The San Mateo County Board of Supervisors voted Tuesday to encourage all employers in the county to offer employees the option to work from home and telecommute when feasible.
Supervisors David Canepa and Warren Slocum co-sponsored a resolution, which the board unanimously approved June 30, encouraging telecommuting in an effort to tackle multiple problems.
Residents working from home, Canepa and Slocum argued, can protect themselves from the COVID-19 coronavirus pandemic while also minimizing traffic congestion and reducing carbon emissions from their vehicles.

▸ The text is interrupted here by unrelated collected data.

Lemma cabs_Bq_le_prod Z z : E z -> cabs (Bq q Z z) <= \prod_(a <- Z) pdist a z.
Proof.
move=> zE; rewrite cabs_Bq ler_piMr ?prodr_ge0 //; last by case/andP: (q_bound zE).
by move=> a _; apply: pdist_ge0.
Qed.

Lemma Vt_le1 Z : (forall a, a \in Z -> E a) -> Vt q Z <= 1.
Proof.
elim: Z => [|a Z IH] ZE; first by rewrite Vt_nil.
have [aE {}ZE] := points_in_cons ZE.
rewrite Vt_cons mulr_ile1 ?Vt_ge0 ?cabs_ge0 ?IH //.
by apply: le_trans (cabs_Bq_le_q ZE aE) _; case/andP: (q_bound aE).
Qed.

Lemma Vt_gt0 Z : (forall a, a \in Z -> E a) -> uniq Z -> 0 < Vt q Z.
Proof.
elim: Z => [|a Z IH] ZE; first by rewrite Vt_nil.
have [aE {}ZE] := points_in_cons ZE; case/andP => aZ Zu.
rewrite Vt_cons mulr_gt0 ?IH // cabs_Bq mulr_gt0 //; last by case/andP: (q_bound aE).
rewrite big_seq; apply: prodr_gt0 => b bZ.
have bE := ZE b bZ; rewrite pdist_gt0 ?cabs_le1 //; by apply: contraNneq aZ => <-.
Qed.

Lemma Vn_ub n : has_ubound [set Vt q Z | Z in tuples_in E n].
Proof. by exists 1 => _ [Z [_ ZE] <-]; apply: Vt_le1. Qed.

Lemma Vt_le_Vn n Z : tuples_in E n Z -> Vt q Z <= Vn q E n.
Proof. by move=> ZEn; apply: (ub_le_sup (Vn_ub n)); exists Z. Qed.

(* Exchanging the point [a] of a maximizing tuple for [z] cannot increase [Vt]. *)
Lemma cabs_Bq_maximizer_exchange X a W z :
  let Z := X ++ a :: W in
  (forall b, b \in Z -> E b) -> 0 < Vt q Z ->
  (forall Z', tuples_in E (size Z) Z' -> Vt q Z' <= Vt q Z) -> E z ->
  cabs (Bq q Z z) <= cabs (Bq q (X ++ W) a).
Proof.
move=> Z ZE Vt_gt0 Z_max zE; have [aE YE] := points_in_cat_cons ZE.
have Vt_Y_gt0 : 0 < Vt q (X ++ W).
  rewrite lt_neqAle Vt_ge0 andbT; move: Vt_gt0; rewrite /Z Vt_cat_cons.
  by apply: contraTneq => <-; rewrite mul0r ltxx.
have : Vt q (X ++ z :: W) <= Vt q Z.
  apply: Z_max; split; first by rewrite !size_cat.
  by move=> b; rewrite mem_cat inE orbCA -mem_cat => /predU1P[-> // | /YE].
rewrite /Z !Vt_cat_cons ler_pM2l // cabs_Bq_cat_cons; apply: le_trans.
by rewrite ler_piMl ?cabs_ge0 // pdist_le1 ?cabs_le1.
Qed.

Section NearCircle.
Variables (d e : R).
Hypothesis d01 : 0 < d <= 1.
Hypothesis q_small : forall z, E z -> 1 - d < cabs z -> cabs (q z) <= e.

Let inner : pred C := [pred z | cabs z <= 1 - d].
Let rho := 1 - d ^+ 2 / 8.

Lemma prod_pdist_le_inner Z z : (forall a, a \in Z -> E a) -> inner z ->
  \prod_(a <- Z) pdist a z <= rho ^+ count inner Z.
Proof.
have z_le1 z' : inner z' -> cabs z' <= 1.
  by move=> zi; apply: le_trans zi _; rewrite gerBl; case/andP: d01 => /ltW.
elim: Z => [|a Z IH] ZE zi; first by rewrite big_nil.
have [aE {}ZE] := points_in_cons ZE.
rewrite big_cons /= exprD; apply: ler_pM; rewrite ?pdist_ge0 ?prodr_ge0 ?IH //.
  by move=> b _; apply: pdist_ge0.
case ai: (inner a); first by rewrite expr1 pdist_le_inner.
by rewrite expr0; apply: pdist_le1; [exact: cabs_le1 | exact: z_le1].
Qed.

Lemma Vt_le_count Z : (forall a, a \in Z -> E a) ->
  Vt q Z <= e ^+ count (predC inner) Z * rho ^+ 'C(count inner Z, 2).
Proof.
elim: Z => [|a Z IH] ZE; first by rewrite Vt_nil mulr1.
have [aE {}ZE] := points_in_cons ZE.
rewrite Vt_cons /=; case ai: (inner a) => /=.
- rewrite add0n add1n binS bin1 exprD mulrA.
  apply: ler_pM (Vt_ge0 _ _) (cabs_ge0 _) (IH ZE) _.
  exact: le_trans (cabs_Bq_le_prod Z aE) (prod_pdist_le_inner ZE ai).
- rewrite add1n add0n exprSr mulrAC.
  apply: ler_pM (Vt_ge0 _ _) (cabs_ge0 _) (IH ZE) _.
  by apply: le_trans (cabs_Bq_le_q ZE aE) _; apply: q_small; rewrite // ltNge; apply: negbT.
Qed.

Lemma cabs_Bq_maximizer_le n Z z : (forall a, a \in Z -> E a) -> size Z = n.+1 ->
  0 < Vt q Z -> (forall Z', tuples_in E n.+1 Z' -> Vt q Z' <= Vt q Z) -> E z ->
  cabs (Bq q Z z) <= Num.max e (rho ^+ n).
Proof.
move=> ZE Zn Vt_gt0 + zE; rewrite -Zn => Z_max.
have [/hasP[a aZ ao] | all_inner] := boolP (has (predC inner) Z).
  move: ZE Vt_gt0 Z_max; case/splitPr: aZ => X W ZE Vt_gt0 Z_max.
  have [aE YE] := points_in_cat_cons ZE.
  apply: le_trans (cabs_Bq_maximizer_exchange ZE Vt_gt0 Z_max zE) _.
  rewrite le_max (le_trans (cabs_Bq_le_q YE aE)) //.
  by apply: q_small; rewrite // ltNge.
case: Z Zn ZE Vt_gt0 Z_max all_inner => // a Y [Yn] ZE Vt_gt0 Z_max.
rewrite has_predC negbK /= => /andP[ai /allP Yi].
have [aE YE] := points_in_cons ZE.
apply: le_trans (cabs_Bq_maximizer_exchange (X := [::]) ZE Vt_gt0 Z_max zE) _ => /=.
have <- : count inner Y = n by rewrite -Yn; apply/eqP; rewrite -all_count; apply/allP.
by rewrite le_max orbC (le_trans (cabs_Bq_le_prod Y aE) (prod_pdist_le_inner YE ai)).
Qed.
End NearCircle.

Hypothesis E_infinite : infinite_set E.

Let E_neq0 : E !=set0.
Proof. by apply/set0P/negP => /eqP E0; apply: E_infinite; rewrite E0. Qed.

Lemma uniq_tuple_exists n : exists2 Z, tuples_in E n Z & uniq Z.
Proof.
elim: n => [|n [Z [Zn ZE] Zu]]; first by exists [::].
have [z zE zZ] : exists2 z, E z & z \notin Z.
  apply: contrapT => noz; apply: E_infinite; apply: sub_finite_set (finite_seq Z) => z zE /=.
  by apply: contrapT => zZ; apply: noz; exists z => //; apply/negP.
exists (z :: Z); last by rewrite /= zZ.
by split=> [|b]; [rewrite /= Zn | rewrite inE => /predU1P[->|/ZE]].
Qed.

Lemma Vn_gt0 n : 0 < Vn q E n.
Proof.
have [Z ZEn Zu] := uniq_tuple_exists n.
by apply: lt_le_trans (Vt_le_Vn ZEn); apply: Vt_gt0 => //; case: ZEn.
Qed.

Lemma Vn_le n b : (forall Z, tuples_in E n Z -> Vt q Z <= b) -> Vn q E n <= b.
Proof.
move=> Vt_le; apply: ge_sup => [|_ [Z ZEn <-]]; last exact: Vt_le.
by have [Z ZEn _] := uniq_tuple_exists n; exists (Vt q Z), Z.
Qed.

Lemma Mt_le Z b : (forall z, E z -> cabs (Bq q Z z) <= b) -> Mt q E Z <= b.
Proof.
move=> Bq_le; apply: ge_sup => [|_ [z zE <-]]; last exact: Bq_le.
by have [z zE] := E_neq0; exists (cabs (Bq q Z z)), z.
Qed.

Lemma Mt_ge0 Z : (forall a, a \in Z -> E a) -> 0 <= Mt q E Z.
Proof.
move=> ZE; have [z zE] := E_neq0; apply: le_trans (cabs_ge0 (Bq q Z z)) _.
apply: ub_le_sup; last by exists z.
by exists 1 => _ [w wE <-]; apply: le_trans (cabs_Bq_le_q ZE wE) _; case/andP: (q_bound wE).
Qed.

(* If no tuple attains [Vn q E n], then [Mn q E n] is the infimum of the empty set, i.e. [0]. *)
Lemma normr_Mn_le n b : 0 <= b ->
  (forall Z, tuples_in E n Z -> Vt q Z = Vn q E n -> Mt q E Z <= b) -> `|Mn q E n| <= b.
Proof.
rewrite /Mn; set T := [set Mt q E Z | Z in _] => b0 Mt_le_b.
have [[_ [Z [ZEn VZ] _]] | T0] := pselect (T !=set0); last first.
  rewrite (_ : T = set0) ?inf0 ?normr0 //.
  by apply/seteqP; split=> // x Tx; apply: T0; exists x.
have T_lb : lbound T 0 by move=> _ [Z' [[_ Z'E] _] <-]; apply: Mt_ge0.
rewrite ger0_norm; last by apply: lb_le_inf => //; exists (Mt q E Z), Z.
apply: le_trans (Mt_le_b Z ZEn VZ); apply: ge_inf; [by exists 0 | by exists Z].
Qed.

Hypothesis q_small_near_circle : forall eps, 0 < eps ->
  exists2 d, 0 < d <= 1 & forall z, E z -> 1 - d < cabs z -> cabs (q z) <= eps.

Let rho_bounds (d : R) : 0 < d <= 1 -> 0 <= 1 - d ^+ 2 / 8 < 1.
Proof. by case/andP=> d0 d1; apply/andP; split; nra. Qed.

Canepa noted that the American Lung Association gave the county an "F" for its particulate pollution and a "B" for ozone pollution prior to the pandemic.
However, he argued, following local health orders to stay home during the pandemic could have lasting positive results in the form of reducing pollution in the Bay Area.
"There's a big lesson to learn here: do we return to gridlock or do we look at what is working now ... to come up with new innovative policies to protect the environment," Canepa said.
Slocum argued that local employers should take a cue from technology companies in Silicon Valley and the greater Bay Area who have expanded telecommuting opportunities. In May, Twitter CEO Jack Dorsey told employees they could continue working from home permanently.
"I think it's important that San Mateo County, that we demonstrate leadership on this issue," Slocum said.
San Mateo County Health Chief Louise Rogers told the board that the county is seeing a rise in coronavirus cases that is similar to other parts of the Bay Area that have begun reopening.
The county's 14-day average testing positivity rate is at 4% while the rest of the Bay Area is at 3.4%, according to Rogers. A large number of the county's 3,232 coronavirus cases and 108 deaths are also associated with congregate care facilities and nursing homes.
Rogers added that movement among members of the public has quantifiably reduced and still remains well below what it was before the state and local shelter-in-place orders went into effect in March. While use of public transit has risen since early June, Rogers said, it is still more than 60 percent below the county's baseline prior to the pandemic.
"We've expected, as society loosens, that people will be moving around, we'll see a lot of that activity," Rogers said. "The question in whether we will observe, in our community, that people are respecting the guidance about wearing face coverings, about observing physical distance of at least 6 feet, about avoiding crowds."
"If we don't respect all of those behaviors, we're going to start to see more of a taking off of the numbers that we've now seen in other states," she said.